Repaste one or more hashboards. Highest-value advanced fix on a 5+ year old T3+. Power off 30 minutes. Remove the suspect hashboard. Remove heatsink retention hardware (track torque sequence). Lift the heatsink — warm with a hair dryer if paste fights you, never pry. Clean every chip top and heatsink contact with 99% IPA until shiny. Apply a rice-grain dot of Arctic MX-6 per ASIC. Replace crumbled thermal pads with same-thickness pads (1 mm or 1.5 mm — measure). Reseat with original hardware and torque pattern, reinstall, boot. Expect 5-15 C drop per chain.
Replace a failed NTC temperature sensor. If diagnostics isolated a dead sensor, this is a through-the-board SMD repair. You need a hot-air rework station, flux, and a replacement NTC of matching beta value (typically 10 kilo-ohm at 25 C, B = 3950 — but measure the footprint and match the part exactly). De-solder the failed bead, clean pads, drop the new bead in with tweezers and hot air. Easy to cook nearby SMD caps if careless with airflow. If you're not already comfortable with mining hashboard SMD rework, stop — route to Tier 4.
Replace aged PSU electrolytics. If a sagging T3+ PSU is root cause and you have bench capability, the bulk primary electrolytics (typically 400 V, 680 uF or equivalent) can be replaced. Discharge safely first — a 10 kilo-ohm 5 W resistor across the terminals for 5 minutes, then verify zero volts with a meter. Match voltage rating exactly and equal-or-higher capacitance. Extends the life of an otherwise obsolete Innosilicon PSU by years — often the only practical path since new OEM T3+ PSUs are out of production.

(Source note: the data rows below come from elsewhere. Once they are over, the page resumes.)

Lemma Rdiv_pow_antitone (c m g : R) (n : nat) :
  0 <= c -> 0 < m -> m <= g -> c / g ^ n <= c / m ^ n.
Proof.
  intros Hc Hm Hg. apply Rdiv_le_cross; [apply pow_lt; lra | apply pow_lt; lra|].
  apply Rmult_le_compat_l; [lra|]. apply pow_incr; lra.
Qed.

Lemma abs_le_one_plus_sq (p : R) : Rabs p <= 1 + p ^ 2.
Proof. rewrite <- (pow2_abs p). pose proof (Rabs_pos p). nra. Qed.

Lemma sq_ge_of_abs_ge (a w : R) : 0 <= a -> a <= Rabs w -> a ^ 2 <= w ^ 2.
Proof. intros Ha Hw. rewrite <- (pow2_abs w). apply pow_incr. lra. Qed.

Lemma abs_sub_mul_ge (x y t : R) : t <= 1 ->
  Rabs (x - y) - (1 - t) * Rabs y <= Rabs (x - t * y).
Proof.
  intros Ht. pose proof (Rabs_triang (x - t * y) (- ((1 - t) * y))) as T.
  replace (x - t * y + - ((1 - t) * y)) with (x - y) in T by ring.
  rewrite Rabs_Ropp, Rabs_mult, (Rabs_right (1 - t)) in T by lra. lra.
Qed.

Lemma exp_pow (z : R) (n : nat) : exp z ^ n = exp (INR n * z).
Proof.
  induction n as [|n IH]; [now rewrite Rmult_0_l, exp_0|].
  rewrite S_INR, Rmult_plus_distr_r, Rmult_1_l, exp_plus, <- IH. simpl. ring.
Qed.

(* Raise [1 + z/n <= exp (z/n)] to the [n]-th power. *)
Lemma exp_neg_mul_pow_le (z : R) (n : nat) :
  0 <= z -> exp (- z) * (1 + z) ^ n <= INR n ^ n.
Proof.
  intros Hz. pose proof (exp_pos (- z)) as Hez.
  assert (Hinv : exp (- z) * exp z = 1) by (rewrite <- exp_plus, Rplus_opp_l; apply exp_0).
  destruct n as [|n]; [simpl; pose proof (exp_ineq1_le z); nra|].
  set (m := INR (S n)). assert (Hm : 1 <= m) by (apply (le_INR 1); lia).
  assert (Hbase : 0 <= 1 + z <= m * exp (z / m)).
  { pose proof (exp_ineq1_le (z / m)) as He.
    assert (Hmz : m * (1 + z / m) = m + z) by (field; lra).
    split; [lra|]. apply Rle_trans with (m * (1 + z / m)); [lra|].
    apply Rmult_le_compat_l; lra. }
  apply Rle_trans with (exp (- z) * (m * exp (z / m)) ^ S n);
    [apply Rmult_le_compat_l; [lra | now apply pow_incr]|].
  rewrite Rpow_mult_distr, exp_pow. fold m.
  replace (m * (z / m)) with z by (field; lra).
  replace (exp (- z) * (m ^ S n * exp z)) with (m ^ S n * (exp (- z) * exp z)) by ring.
  rewrite Hinv. lra.
Qed.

Ship to D-Central when DIY routes are exhausted. If thermal imaging showed an isolated chip hot spot, if a sensor reads implausibly at cold boot, if hashboard shows scorch marks near an ASIC position, or if repaste did not move per-chain temp meaningfully — you are in chip-level repair territory. Innosilicon T3 ASICs are a proprietary platform, replacement silicon is scarce, and reflow requires a Mining Hacker test fixture built for the T3 family. Ship the hashboard (not the whole miner) to D-Central's ASIC repair bench. Mark the ticket `Innosilicon T3+ thermal`.
Prevention: establish a cleaning and monitoring schedule. Schedule compressed-air blow-outs every 3 months in clean environments, every 4-6 weeks in dusty ones. Alert on per-chain temp above 75 C sustained, not just on the hard-trip at 85 C — that gives you roughly 2 weeks of warning before shutdowns start. Document firmware version in use so you can roll back if a future build regresses. Plan a repaste every 2-3 years of continuous operation. On any 5+ year old T3+ PSU, budget a cap refresh before cascading faults begin.
Canadian operator special: plan for seasonal extremes. In winter, the T3+ is a 3300 W space heater that pays you back — leverage it. In summer (above 25 C ambient), plan dedicated HVAC, ducted exhaust to outside, or seasonal shutdown. The T3+ thermal envelope is tighter than modern Antminer gear and will trip at ambients that newer miners tolerate. If you run in a Quebec basement with natural cold in February, you are the target customer — just do not carry February geometry into August without intervention.
When to Seek Professional Repair
If the steps above do not resolve the issue, or if you are not comfortable performing these repairs yourself, professional service is recommended. Attempting advanced repairs without proper equipment can cause further damage.